Graphic designer Angharad Hengyu Owen on textual shapes and wandering poems
Angharad Hengyu Owen is a Malaysia-born graphic designer who experiments with visual storytelling through type. “I thought ‘graphic design’ was vague enough to encompass my three core interests: language, art and computer sciences,” Angharad tells It’s Nice That. In her latest project, the designer worked with the poet Christian Marques to create an insightful book of shape poetry, Um Poema Errante / A Wandering Poem, that traces Christian’s eight-month journey from Europe to Asia during which he wrote a poem a day.
Angharad first reached out to Christian when she read about his project on Crowdfunder. “A dialogue flourished, we met in person, and now looking back, it was only natural of him to ask me if I’d be interested in designing his collection of poems.
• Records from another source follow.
Lemma penalty_estimate (sL sR sD sU : 'I_N -> 'I_M -> R) (U1 U2 W : 'M[R]_(N, M)) :
  (forall i j, 2 * (sL i j * ((i : nat) == 0%N)%:R + sR i j * ((i : nat) == N.-1)%:R)
               <= edge_sign i * U1 i j) ->
  (forall i j, 2 * (sD i j * ((j : nat) == 0%N)%:R + sU i j * ((j : nat) == M.-1)%:R)
               <= edge_sign j * U2 i j) ->
  2 * ip W (Bop dx dy px py sL sR sD sU W) <= flux_x (had U1 W) W + flux_y (had U2 W) W.
Proof.
move=> pen_x pen_y.
rewrite ip_Bop /flux_x /flux_y -big_split mulr_sumr; apply: ler_sum => i _.
rewrite -big_split mulr_sumr; apply: ler_sum => j _; rewrite /= !mxE.
have Wij2 := sqr_ge0 (W i j).
have := ler_wpM2r Wij2 (ler_wpM2l (ltW (weight_y_gt0 j)) (pen_x i j)).
have := ler_wpM2r Wij2 (ler_wpM2l (ltW (weight_x_gt0 i)) (pen_y i j)).
move=> ? ?; lra.
Qed.

Lemma zeroth_order_estimate (A B C D W1 W2 : 'M[R]_(N, M)) Ld :
  (forall i j, [/\ `|A i j| <= Ld, `|B i j| <= Ld, `|C i j| <= Ld & `|D i j| <= Ld]) ->
  ip W1 (- had A W1 + had B W2) + ip W2 (had C W1 - had D W2) <=
  2 * Ld * (ip W1 W1 + ip W2 W2).
Proof.
move=> bnd; rewrite /ipP -!big_split mulr_sumr /=; apply: ler_sum => i _.
rewrite -!big_split mulr_sumr /=; apply: ler_sum => j _; rewrite !mxE.
have [] := bnd i j; rewrite !ler_norml => /andP[a1 a2] /andP[b1 b2] /andP[c1 c2] /andP[d1 d2].
have w0 := mulr_gt0 (weight_x_gt0 i) (weight_y_gt0 j).
set w := _ * (_ * _) in w0 *; set x := W1 i j; set y := W2 i j.
suff pointwise : (- A i j * x + B i j * y) * x + (C i j * x - D i j * y) * y
                 <= 2 * Ld * (x ^+ 2 + y ^+ 2).
  by have := ler_wpM2l (ltW w0) pointwise; lra.
have e1 : 0 <= (Ld + A i j) * x ^+ 2 by rewrite mulr_ge0 ?sqr_ge0 //; lra.
have e2 : 0 <= (Ld + D i j) * y ^+ 2 by rewrite mulr_ge0 ?sqr_ge0 //; lra.
have e3 : 0 <= (Ld - B i j) * (x + y) ^+ 2 by rewrite mulr_ge0 ?sqr_ge0 //; lra.
have e4 : 0 <= (Ld + B i j) * (x - y) ^+ 2 by rewrite mulr_ge0 ?sqr_ge0 //; lra.
have e5 : 0 <= (Ld - C i j) * (x + y) ^+ 2 by rewrite mulr_ge0 ?sqr_ge0 //; lra.
have e6 : 0 <= (Ld + C i j) * (x - y) ^+ 2 by rewrite mulr_ge0 ?sqr_ge0 //; lra.
nra.
Qed.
At the time, I hadn’t even considered it myself,” the designer explains. After their encounter, Angharad began experimenting with the idea of non-linear narratives that, she felt, would best represent the memories and experiences of the poet’s travels. But it was almost a year later that they officially began “re-exploring Christian’s poetic impressions of wandering through Turkey, Georgia, Armenia, Iran, Pakistan, India and Nepal by land.” The outcome is a beautiful compendium of shapes, comprised of letters, words and sentences in various languages.
Um Poema Errante / A Wandering Poem retains some conventional features despite its experimental layout, like a contents list and thematic arrangements of the poems by country. But page numbers are largely absent from the book, except for when a new border is crossed and the poems change context. These designs developed dialogically through Angharad’s careful engagement with Christian’s poems and via lengthy conversations between the two creatives. “It was important for me to develop the visualisations from the narratives themselves. This is a project where content and design hold equivalent weight and work together to convey meaning.”
Angharad’s designs bring about new possibilities of reading and interpretation and, through their left-to-right and top-to-bottom compositions, they question the traditional layouts of Western texts. It took the designer two years to finish the project. “To visually communicate a poem, made up of words and experiences that are not my own, required a lot of background research in order for me to respond with relevance and substantial meaning,” Angharad says. The designer explains how she would receive poems randomly, with no chronology or explanation, and so found herself on the hunt for subtle meanings and emotional insinuations.
Um Poema Errante / A Wandering Poem illustrates that it is not the destination that matters but the experience of the journey itself. Rather than offering the meaning of words, each poem invites the reader to discover it for themselves: “The text challenges the reader through its invitation to fully engage with what they are reading, and how they are reading it. There are many unconventional layers that allow the reader to experience an interpretational voyage of their own.”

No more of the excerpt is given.